=== Section Start ===
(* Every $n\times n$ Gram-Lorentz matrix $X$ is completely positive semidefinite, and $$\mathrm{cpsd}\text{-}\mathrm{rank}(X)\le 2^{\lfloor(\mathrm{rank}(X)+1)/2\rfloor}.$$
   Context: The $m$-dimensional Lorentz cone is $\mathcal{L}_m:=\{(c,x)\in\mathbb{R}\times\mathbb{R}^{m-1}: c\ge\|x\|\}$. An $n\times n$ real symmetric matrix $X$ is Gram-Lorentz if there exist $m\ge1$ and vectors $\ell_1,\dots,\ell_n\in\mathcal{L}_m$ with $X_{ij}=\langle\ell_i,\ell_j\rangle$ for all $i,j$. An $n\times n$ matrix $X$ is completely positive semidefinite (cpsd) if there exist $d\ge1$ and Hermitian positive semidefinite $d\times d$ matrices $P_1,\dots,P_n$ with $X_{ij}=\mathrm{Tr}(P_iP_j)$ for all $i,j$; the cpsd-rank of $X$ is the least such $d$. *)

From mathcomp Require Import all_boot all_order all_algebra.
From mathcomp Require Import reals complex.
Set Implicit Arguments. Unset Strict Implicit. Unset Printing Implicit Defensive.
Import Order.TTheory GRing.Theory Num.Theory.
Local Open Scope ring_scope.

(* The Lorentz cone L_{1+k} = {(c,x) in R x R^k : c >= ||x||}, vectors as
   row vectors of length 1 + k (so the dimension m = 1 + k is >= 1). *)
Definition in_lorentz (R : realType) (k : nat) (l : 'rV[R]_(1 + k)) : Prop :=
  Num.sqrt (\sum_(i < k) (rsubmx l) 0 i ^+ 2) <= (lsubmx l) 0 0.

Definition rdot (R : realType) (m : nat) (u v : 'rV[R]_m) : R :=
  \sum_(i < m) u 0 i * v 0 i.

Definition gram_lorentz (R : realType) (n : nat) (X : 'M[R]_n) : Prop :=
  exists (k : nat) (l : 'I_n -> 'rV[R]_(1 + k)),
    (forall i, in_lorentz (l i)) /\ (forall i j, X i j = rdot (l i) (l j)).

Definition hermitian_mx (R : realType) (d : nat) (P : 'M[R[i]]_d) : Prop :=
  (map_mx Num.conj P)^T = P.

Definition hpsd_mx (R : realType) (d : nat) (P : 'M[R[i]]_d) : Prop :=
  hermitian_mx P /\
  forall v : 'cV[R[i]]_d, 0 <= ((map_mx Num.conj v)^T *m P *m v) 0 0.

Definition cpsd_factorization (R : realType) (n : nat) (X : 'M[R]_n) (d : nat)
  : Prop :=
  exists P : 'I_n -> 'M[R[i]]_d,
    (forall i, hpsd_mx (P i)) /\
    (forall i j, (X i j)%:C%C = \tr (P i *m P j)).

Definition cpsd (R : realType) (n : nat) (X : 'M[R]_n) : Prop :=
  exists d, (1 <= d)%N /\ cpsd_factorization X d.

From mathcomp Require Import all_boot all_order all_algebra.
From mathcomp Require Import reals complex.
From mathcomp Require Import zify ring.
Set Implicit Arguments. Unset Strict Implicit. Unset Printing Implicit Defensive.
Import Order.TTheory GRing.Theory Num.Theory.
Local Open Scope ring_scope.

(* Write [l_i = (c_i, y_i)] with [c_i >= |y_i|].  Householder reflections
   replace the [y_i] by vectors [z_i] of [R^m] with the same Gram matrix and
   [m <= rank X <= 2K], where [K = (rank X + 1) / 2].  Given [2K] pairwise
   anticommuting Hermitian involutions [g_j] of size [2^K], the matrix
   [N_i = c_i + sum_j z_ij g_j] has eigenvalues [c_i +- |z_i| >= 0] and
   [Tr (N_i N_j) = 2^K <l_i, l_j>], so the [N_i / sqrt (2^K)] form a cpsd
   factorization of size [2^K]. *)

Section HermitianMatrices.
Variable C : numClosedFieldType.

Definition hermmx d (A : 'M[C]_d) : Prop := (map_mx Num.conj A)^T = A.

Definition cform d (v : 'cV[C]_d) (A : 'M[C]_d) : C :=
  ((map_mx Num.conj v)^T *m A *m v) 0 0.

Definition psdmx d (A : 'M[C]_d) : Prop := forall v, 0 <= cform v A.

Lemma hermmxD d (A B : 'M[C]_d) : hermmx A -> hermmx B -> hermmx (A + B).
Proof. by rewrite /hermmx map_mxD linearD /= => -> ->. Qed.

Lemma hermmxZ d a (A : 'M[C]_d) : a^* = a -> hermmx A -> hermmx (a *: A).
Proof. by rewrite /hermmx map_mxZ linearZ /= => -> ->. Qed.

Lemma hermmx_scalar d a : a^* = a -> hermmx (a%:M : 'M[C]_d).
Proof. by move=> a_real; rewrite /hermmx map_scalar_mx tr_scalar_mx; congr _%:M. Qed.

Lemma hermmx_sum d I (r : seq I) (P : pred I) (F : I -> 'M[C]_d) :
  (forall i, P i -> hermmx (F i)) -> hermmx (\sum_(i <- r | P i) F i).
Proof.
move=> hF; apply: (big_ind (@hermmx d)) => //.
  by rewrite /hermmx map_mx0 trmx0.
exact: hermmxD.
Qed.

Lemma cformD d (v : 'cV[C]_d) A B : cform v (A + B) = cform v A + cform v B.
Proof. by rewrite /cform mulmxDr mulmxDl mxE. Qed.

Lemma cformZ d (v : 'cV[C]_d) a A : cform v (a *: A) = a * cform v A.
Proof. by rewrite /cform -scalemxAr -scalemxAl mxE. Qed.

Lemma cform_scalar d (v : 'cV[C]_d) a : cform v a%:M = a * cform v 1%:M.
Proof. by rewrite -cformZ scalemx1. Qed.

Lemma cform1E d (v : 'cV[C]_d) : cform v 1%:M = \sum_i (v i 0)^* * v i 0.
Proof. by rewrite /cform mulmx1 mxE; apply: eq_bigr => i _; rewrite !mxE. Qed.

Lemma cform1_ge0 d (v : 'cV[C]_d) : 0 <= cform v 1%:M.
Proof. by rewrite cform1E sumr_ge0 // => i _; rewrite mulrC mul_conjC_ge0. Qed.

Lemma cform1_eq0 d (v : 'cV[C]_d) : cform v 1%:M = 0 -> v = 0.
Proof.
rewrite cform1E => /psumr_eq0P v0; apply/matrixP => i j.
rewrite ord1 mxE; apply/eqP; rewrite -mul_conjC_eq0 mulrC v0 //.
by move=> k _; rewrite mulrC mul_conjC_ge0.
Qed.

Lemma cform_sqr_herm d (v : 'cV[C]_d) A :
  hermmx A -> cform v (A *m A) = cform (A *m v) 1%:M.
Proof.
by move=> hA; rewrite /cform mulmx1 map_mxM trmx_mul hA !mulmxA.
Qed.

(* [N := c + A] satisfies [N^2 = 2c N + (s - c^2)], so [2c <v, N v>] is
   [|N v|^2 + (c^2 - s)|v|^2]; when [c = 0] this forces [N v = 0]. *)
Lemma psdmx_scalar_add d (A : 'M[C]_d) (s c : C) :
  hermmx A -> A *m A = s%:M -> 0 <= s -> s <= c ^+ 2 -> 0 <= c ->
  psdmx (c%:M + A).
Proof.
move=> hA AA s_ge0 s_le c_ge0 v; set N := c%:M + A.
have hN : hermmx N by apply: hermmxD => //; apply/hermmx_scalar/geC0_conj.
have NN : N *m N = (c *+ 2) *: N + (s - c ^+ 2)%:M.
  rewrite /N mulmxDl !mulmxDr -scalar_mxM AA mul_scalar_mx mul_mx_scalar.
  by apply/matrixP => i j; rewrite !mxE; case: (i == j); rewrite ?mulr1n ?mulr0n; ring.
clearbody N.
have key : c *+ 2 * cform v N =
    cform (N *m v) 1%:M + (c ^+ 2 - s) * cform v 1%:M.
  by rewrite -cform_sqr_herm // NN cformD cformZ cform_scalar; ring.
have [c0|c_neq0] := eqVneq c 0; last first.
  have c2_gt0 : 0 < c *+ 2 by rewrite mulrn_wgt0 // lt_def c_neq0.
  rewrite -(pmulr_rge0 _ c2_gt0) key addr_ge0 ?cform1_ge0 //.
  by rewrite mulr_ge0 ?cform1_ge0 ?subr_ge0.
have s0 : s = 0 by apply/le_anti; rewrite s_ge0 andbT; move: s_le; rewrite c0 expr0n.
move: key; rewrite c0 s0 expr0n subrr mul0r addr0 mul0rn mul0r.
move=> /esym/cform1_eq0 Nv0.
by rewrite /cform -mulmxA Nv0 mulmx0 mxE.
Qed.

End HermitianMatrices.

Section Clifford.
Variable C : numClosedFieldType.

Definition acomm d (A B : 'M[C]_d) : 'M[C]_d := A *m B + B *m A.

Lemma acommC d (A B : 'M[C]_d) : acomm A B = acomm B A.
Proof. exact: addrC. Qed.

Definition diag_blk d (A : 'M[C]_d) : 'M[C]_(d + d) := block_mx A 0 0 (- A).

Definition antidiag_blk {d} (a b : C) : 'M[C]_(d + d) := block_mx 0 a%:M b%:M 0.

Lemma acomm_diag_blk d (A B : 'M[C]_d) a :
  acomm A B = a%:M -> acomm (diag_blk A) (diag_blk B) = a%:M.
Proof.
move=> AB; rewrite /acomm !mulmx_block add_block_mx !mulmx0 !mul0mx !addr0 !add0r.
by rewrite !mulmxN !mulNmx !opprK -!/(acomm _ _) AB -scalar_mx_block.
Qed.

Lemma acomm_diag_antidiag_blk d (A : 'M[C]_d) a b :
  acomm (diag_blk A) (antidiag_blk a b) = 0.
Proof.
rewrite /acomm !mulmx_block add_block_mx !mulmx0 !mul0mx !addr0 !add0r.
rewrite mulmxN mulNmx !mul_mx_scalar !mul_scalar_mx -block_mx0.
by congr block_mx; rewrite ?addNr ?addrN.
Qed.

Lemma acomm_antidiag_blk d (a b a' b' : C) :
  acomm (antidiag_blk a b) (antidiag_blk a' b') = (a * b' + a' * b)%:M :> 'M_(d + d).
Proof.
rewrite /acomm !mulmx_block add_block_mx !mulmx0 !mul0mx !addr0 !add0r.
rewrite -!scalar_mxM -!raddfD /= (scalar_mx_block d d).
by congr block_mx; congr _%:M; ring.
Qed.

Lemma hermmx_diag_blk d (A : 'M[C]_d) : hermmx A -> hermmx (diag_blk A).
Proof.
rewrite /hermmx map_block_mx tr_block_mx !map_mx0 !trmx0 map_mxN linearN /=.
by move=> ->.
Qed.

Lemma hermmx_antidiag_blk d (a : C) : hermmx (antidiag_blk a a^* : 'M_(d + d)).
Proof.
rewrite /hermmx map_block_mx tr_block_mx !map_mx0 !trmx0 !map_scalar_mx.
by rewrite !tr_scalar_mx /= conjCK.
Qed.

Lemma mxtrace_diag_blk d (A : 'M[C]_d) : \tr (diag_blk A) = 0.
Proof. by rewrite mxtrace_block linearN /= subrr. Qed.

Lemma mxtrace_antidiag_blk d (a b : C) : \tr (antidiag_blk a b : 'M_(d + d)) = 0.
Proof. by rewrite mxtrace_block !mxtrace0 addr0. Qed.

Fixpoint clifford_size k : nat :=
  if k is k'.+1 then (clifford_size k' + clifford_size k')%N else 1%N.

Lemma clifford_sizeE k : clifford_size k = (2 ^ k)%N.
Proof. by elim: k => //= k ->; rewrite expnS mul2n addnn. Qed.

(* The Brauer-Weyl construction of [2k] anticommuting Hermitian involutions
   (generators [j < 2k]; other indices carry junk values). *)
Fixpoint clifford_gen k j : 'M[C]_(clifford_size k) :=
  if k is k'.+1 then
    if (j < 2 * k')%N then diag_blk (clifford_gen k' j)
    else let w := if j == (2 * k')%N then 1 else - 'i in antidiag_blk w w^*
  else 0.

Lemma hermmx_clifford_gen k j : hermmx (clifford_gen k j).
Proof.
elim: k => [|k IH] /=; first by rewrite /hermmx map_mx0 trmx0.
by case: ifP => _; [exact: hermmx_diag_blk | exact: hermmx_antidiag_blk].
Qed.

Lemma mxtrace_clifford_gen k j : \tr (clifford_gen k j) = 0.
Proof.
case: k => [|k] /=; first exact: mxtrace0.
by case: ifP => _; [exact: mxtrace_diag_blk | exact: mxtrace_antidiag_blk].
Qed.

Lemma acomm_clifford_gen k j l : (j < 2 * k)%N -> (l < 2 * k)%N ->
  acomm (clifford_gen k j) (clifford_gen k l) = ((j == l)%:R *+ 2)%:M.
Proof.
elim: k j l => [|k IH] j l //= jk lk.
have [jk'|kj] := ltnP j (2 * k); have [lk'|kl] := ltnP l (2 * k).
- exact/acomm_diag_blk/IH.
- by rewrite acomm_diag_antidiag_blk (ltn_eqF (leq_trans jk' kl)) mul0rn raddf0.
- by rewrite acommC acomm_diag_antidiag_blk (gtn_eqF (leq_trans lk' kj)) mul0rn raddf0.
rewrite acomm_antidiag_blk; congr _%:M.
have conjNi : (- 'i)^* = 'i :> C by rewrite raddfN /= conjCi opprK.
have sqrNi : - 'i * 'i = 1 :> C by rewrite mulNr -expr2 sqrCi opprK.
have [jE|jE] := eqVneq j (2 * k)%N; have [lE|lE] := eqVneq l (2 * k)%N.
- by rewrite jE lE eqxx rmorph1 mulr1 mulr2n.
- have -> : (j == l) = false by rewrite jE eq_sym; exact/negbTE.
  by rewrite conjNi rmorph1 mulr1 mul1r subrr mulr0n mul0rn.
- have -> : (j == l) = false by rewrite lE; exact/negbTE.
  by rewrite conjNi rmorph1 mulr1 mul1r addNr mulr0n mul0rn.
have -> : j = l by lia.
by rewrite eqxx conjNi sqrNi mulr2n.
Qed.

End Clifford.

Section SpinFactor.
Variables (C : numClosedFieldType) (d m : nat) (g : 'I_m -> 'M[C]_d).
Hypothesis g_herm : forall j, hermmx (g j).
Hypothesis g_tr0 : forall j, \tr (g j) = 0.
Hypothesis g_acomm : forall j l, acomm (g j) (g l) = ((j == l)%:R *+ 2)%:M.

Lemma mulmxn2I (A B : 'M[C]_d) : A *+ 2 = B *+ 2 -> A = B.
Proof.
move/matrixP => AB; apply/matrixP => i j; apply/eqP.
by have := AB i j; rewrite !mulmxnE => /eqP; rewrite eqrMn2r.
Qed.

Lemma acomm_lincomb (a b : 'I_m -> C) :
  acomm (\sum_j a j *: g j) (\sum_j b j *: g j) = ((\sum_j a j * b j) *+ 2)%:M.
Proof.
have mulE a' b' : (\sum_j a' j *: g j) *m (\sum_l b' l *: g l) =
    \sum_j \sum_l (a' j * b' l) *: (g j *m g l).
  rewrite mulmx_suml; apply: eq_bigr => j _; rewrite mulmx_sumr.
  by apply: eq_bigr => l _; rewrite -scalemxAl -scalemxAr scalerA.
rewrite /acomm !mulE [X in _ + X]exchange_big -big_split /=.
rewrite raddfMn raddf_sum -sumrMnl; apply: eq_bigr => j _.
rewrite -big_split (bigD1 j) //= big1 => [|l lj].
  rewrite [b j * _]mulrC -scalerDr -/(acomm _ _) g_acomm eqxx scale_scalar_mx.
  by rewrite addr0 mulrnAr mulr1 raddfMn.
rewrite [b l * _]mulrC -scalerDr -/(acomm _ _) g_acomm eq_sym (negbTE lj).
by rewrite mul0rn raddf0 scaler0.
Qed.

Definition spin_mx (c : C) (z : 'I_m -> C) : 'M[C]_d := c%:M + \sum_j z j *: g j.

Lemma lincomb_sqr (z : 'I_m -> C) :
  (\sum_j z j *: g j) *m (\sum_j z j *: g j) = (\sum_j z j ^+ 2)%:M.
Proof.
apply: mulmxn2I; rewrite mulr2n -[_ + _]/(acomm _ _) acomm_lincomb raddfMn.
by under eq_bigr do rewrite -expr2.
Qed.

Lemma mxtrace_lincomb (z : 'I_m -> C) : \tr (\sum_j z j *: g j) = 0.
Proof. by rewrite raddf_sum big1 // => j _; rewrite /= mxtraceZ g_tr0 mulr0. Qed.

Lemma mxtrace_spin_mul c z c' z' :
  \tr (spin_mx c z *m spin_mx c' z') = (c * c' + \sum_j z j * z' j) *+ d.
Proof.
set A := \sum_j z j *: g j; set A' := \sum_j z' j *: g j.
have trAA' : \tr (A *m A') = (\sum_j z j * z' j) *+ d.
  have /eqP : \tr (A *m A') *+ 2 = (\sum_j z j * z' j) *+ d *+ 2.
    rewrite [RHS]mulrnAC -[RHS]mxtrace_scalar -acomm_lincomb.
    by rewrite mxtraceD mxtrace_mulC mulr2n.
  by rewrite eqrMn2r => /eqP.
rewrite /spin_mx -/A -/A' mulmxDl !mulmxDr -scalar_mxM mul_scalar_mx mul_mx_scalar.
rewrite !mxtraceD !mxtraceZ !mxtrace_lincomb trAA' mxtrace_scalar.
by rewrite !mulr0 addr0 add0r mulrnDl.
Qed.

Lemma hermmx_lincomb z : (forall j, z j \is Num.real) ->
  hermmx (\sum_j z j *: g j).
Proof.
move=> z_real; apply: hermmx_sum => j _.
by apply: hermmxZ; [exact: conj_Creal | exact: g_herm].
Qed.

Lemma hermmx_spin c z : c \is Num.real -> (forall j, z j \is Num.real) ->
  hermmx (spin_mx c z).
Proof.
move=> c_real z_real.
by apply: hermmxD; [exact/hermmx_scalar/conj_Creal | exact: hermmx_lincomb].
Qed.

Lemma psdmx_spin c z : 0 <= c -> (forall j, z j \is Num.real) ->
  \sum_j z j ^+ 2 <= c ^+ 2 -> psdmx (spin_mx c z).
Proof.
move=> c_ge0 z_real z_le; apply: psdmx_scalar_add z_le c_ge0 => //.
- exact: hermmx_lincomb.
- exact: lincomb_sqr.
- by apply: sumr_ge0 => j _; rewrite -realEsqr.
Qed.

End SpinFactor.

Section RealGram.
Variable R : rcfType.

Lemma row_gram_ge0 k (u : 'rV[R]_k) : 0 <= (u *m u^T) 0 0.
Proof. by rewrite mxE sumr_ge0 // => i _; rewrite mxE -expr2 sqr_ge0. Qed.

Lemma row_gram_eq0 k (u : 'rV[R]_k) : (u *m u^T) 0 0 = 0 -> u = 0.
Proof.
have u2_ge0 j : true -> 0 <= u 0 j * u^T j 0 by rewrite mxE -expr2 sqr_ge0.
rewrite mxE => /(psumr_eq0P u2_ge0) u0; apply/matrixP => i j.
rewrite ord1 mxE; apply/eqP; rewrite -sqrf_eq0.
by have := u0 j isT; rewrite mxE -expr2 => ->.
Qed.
=== Section End ===
### Work item
Exactly as they appear, copy the lines of the listing above from the first through the one that contains "row vectors of", and nothing more.

### Solution to this exercise
(* Every $n\times n$ Gram-Lorentz matrix $X$ is completely positive semidefinite, and $$\mathrm{cpsd}\text{-}\mathrm{rank}(X)\le 2^{\lfloor(\mathrm{rank}(X)+1)/2\rfloor}.$$
   Context: The $m$-dimensional Lorentz cone is $\mathcal{L}_m:=\{(c,x)\in\mathbb{R}\times\mathbb{R}^{m-1}: c\ge\|x\|\}$. An $n\times n$ real symmetric matrix $X$ is Gram-Lorentz if there exist $m\ge1$ and vectors $\ell_1,\dots,\ell_n\in\mathcal{L}_m$ with $X_{ij}=\langle\ell_i,\ell_j\rangle$ for all $i,j$. An $n\times n$ matrix $X$ is completely positive semidefinite (cpsd) if there exist $d\ge1$ and Hermitian positive semidefinite $d\times d$ matrices $P_1,\dots,P_n$ with $X_{ij}=\mathrm{Tr}(P_iP_j)$ for all $i,j$; the cpsd-rank of $X$ is the least such $d$. *)

From mathcomp Require Import all_boot all_order all_algebra.
From mathcomp Require Import reals complex.
Set Implicit Arguments. Unset Strict Implicit. Unset Printing Implicit Defensive.
Import Order.TTheory GRing.Theory Num.Theory.
Local Open Scope ring_scope.

(* The Lorentz cone L_{1+k} = {(c,x) in R x R^k : c >= ||x||}, vectors as
   row vectors of length 1 + k (so the dimension m = 1 + k is >= 1). *)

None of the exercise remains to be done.